Wordweavers India 

One Night And A Morning

Norden Michael Lepcha


She stirred slowly, moaned softly enjoying the sensation after the act of love. She had eloped with Benay three days ago but these days had just passed off in a wink of an eye. According to their custom, on the third day they were supposed to go to her parental house seeking forgiveness for the mistake committed…but for an assassination of a local politician that could not be done.

Who cares, now-a-days, customs and traditions are just considered to be mere formalities, which can be completed in one’s own conveniences.

With mixed thoughts Maya slowly turned and looked at her husband who was now fast asleep. She was nearing forties and her husband was just in his late twenties. How strange, but didn’t someone say that love is blind. Age didn’t count, she loved him, and he loved her, was that not enough? The passion shared by Romeo and Juliet seemed insignificant to her when she thought of theirs.

She had once been married to a man, but that was long time ago, may be about fifteen years ago. He was a son of family acquaintance and her parents had chosen him for her. He was an officer in some government department. He had a quarter in Darjeeling town. His parents lived in one of the tea gardens in the outskirts, where they worked as teachers in a Government Higher Secondary School. They also had land in a remote village in Kalimpong. Everything seemed to be fine about him and his family. The marriage took place with all grandeur. Relatives, friends, well-wishers, came from different places to grace the occasion. After the rituals the groom took away the bride with all pomp. For many days Maya’s village talked about the marriage. Her family was happy. The other village girls aspired for a similar kind of marriage and earnestly prayed for an officer husband.

But all was not well in Maya’s life. Only after marriage did she come to know that her husband was an alcoholic. Almost every night he used to come home drunk, quarrel and beat his wife for every other reason. Good services went unnoticed. Days slipped by, months passed and at the end of the year it had become very hard for Maya to tolerate. Words of love seldom came from his mouth, and in its stead abuses started and ended Maya’s day. She grew thin and pale. Her body was covered with bruises. Tears seemed to have exhausted because of excessive weeping. As a new bride she was determined to help him be a better man. However with time all her hopes for him vanished like a fog that vanishes in front of rising sun. When she could not tolerate anymore she came back to her home caring little about what the society would say. Her in-laws came and pleaded but she had made up her mind.

She had developed a kind of hatred towards men. She started working in a private school and earned enough to look after herself. She enjoyed her work and got more involved with the little children who still had not faced the pains of life and whose hearts were not corrupted with the vices of the world. She had made up her mind not to get into relationship with any other man after all those ordeals. Yet fate had other things in store for her.

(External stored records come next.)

(* Let $d\ge0$ and let $f\colon\{0,1\}^m\to\{0,1\}^n$ be a $d$-local function. Then there exist a set $S\subseteq[m]$ and numbers $r,t$ with $$|S|\le\frac{r}{2^{28t-18}},\qquad r\ge\frac{n}{\mathrm{tow}_2(16d)},\qquad t\le\mathrm{tow}_2(16d),$$ such that for every fixing $\rho\in\{0,1\}^S$ of the input bits in $S$, the restricted function $f_\rho\colon\{0,1\}^{[m]\setminus S}\to\{0,1\}^n$ is $(d,r,t)$-local.
   Context: A function is $d$-local if each output bit depends on at most $d$ input bits; $I_g(i)$ is the set of input coordinates on which output $i$ of $g$ depends. $f_\rho(z')=f(\rho,z')$. $N_g(i)=\{j: I_g(j)\cap I_g(i)\neq\emptyset\}$. Neighborhoods $N_g(i_1),\dots,N_g(i_r)$ are non-connected if the sets $\bigcup_{j\in N_g(i_a)}I_g(j)$ are pairwise disjoint. $g$ is $(d,r,t)$-local if it is $d$-local and has $r$ non-connected neighborhoods each of size at most $t$. $\mathrm{tow}_2(0)=1$, $\mathrm{tow}_2(h)=2^{\mathrm{tow}_2(h-1)}$. *)

From mathcomp Require Import all_boot all_order all_algebra.
Set Implicit Arguments.
Unset Strict Implicit.
Unset Printing Implicit Defensive.
Import Order.TTheory GRing.Theory Num.Theory.

Definition flip (I : finType) (x : {ffun I -> bool}) (j : I) : {ffun I -> bool} :=
  [ffun k => if k == j then ~~ x k else x k].

Definition depset (I O : finType) (g : {ffun I -> bool} -> {ffun O -> bool})
  (i : O) : {set I} :=
  [set j | [exists x, g x i != g (flip x j) i]].

Definition local (I O : finType) (d : nat)
  (g : {ffun I -> bool} -> {ffun O -> bool}) : Prop :=
  forall i : O, #|depset g i| <= d.

Definition nbhd (I O : finType) (g : {ffun I -> bool} -> {ffun O -> bool})
  (i : O) : {set O} :=
  [set j | ~~ [disjoint depset g j & depset g i]].

Definition nbhd_inputs (I O : finType) (g : {ffun I -> bool} -> {ffun O -> bool})
  (i : O) : {set I} :=
  \bigcup_(j in nbhd g i) depset g j.

Definition drt_local (I O : finType) (d r t : nat)
  (g : {ffun I -> bool} -> {ffun O -> bool}) : Prop :=
  local d g /\
  exists A : {set O},
    #|A| = r /\
    (forall a, a \in A -> #|nbhd g a| <= t) /\
    (forall a b, a \in A -> b \in A -> a != b ->
       [disjoint nbhd_inputs g a & nbhd_inputs g b]).

Definition merge (I : finType) (S : {set I})
  (rho : {ffun {j : I | j \in S} -> bool})
  (z : {ffun {j : I | j \notin S} -> bool}) : {ffun I -> bool} :=
  [ffun j => match (insub j : option {j : I | j \in S}) with
             | Some k => rho k
             | None => match (insub j : option {j : I | j \notin S}) with
                       | Some k => z k
                       | None => false
                       end
             end].

Definition restrict (I O : finType) (S : {set I})
  (f : {ffun I -> bool} -> {ffun O -> bool})
  (rho : {ffun {j : I | j \in S} -> bool}) :
  {ffun {j : I | j \notin S} -> bool} -> {ffun O -> bool} :=
  fun z => f (merge rho z).

Fixpoint tow2 (h : nat) : nat :=
  match h with
  | 0 => 1
  | h'.+1 => 2 ^ tow2 h'
  end.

One evening, after the classes she was returning home. The footpath was flooded with school children and their guardians. She walked along with the children, her minds preoccupied. Suddenly she bumped on something lost her balance and went staggering into the middle of the road. The speeding driver slammed onto the brakes but it was too late to avert the accident. She was taken to the hospital. Among those who had helped her, was Benay, a young man -a guardian to one of her students. She got admitted to the hospital, and as days passed slowly recovered.

During her stay in the hospital Benay visited her regularly. They came to know each other better. For her Benay was the other side of man’s character … something that she had never known before. She started to realise her foolishness of looking at just one side of a coin. Slowly as she recovered in the hospital, she also got healed of her older prejudices against men. They shared a deep friendship and saw each other even after she got discharged from the hospital. Never in her life had she met someone who was so caring. Their friendship grew deeper and neither of them knew when it had turned into love. A passion to live life again rekindled itself in Maya’s heart.

After sharing a year’s togetherness they had finally decided to get married three days back. Each surrendered to the other. After all those years of tears this bliss was truly divine. She turned, shifted a bit and then fell asleep.

Next morning, she woke up early and finished her household chores. The day was bright and beautiful. She told Benay that she would go over to the town and get some things that was needed for the house, measured up the cushions so that she could get new covers for them. She prepared breakfast and ate it with him on the table discussing about when they should fix up the date to go over to meet her relatives. They also discussed about fixing up a date for a little reception ceremony where they could celebrate with their friends.
After breakfast Benay went to the bus stand and saw to it that Maya boarded the bus safely. They waved at each other as the bus slowly moved out. After twenty minutes bus reached a small settlement on the banks of Teesta river. She got out of the bus and slowly walked the narrow path that led to the banks.  On the way she met an acquaintance. When asked about where she was going, she simply replied, that she was going to the river to send an invitation to mother Ganges for her wedding ceremony.

…And after another half an hour a woman’s body came floating down the river.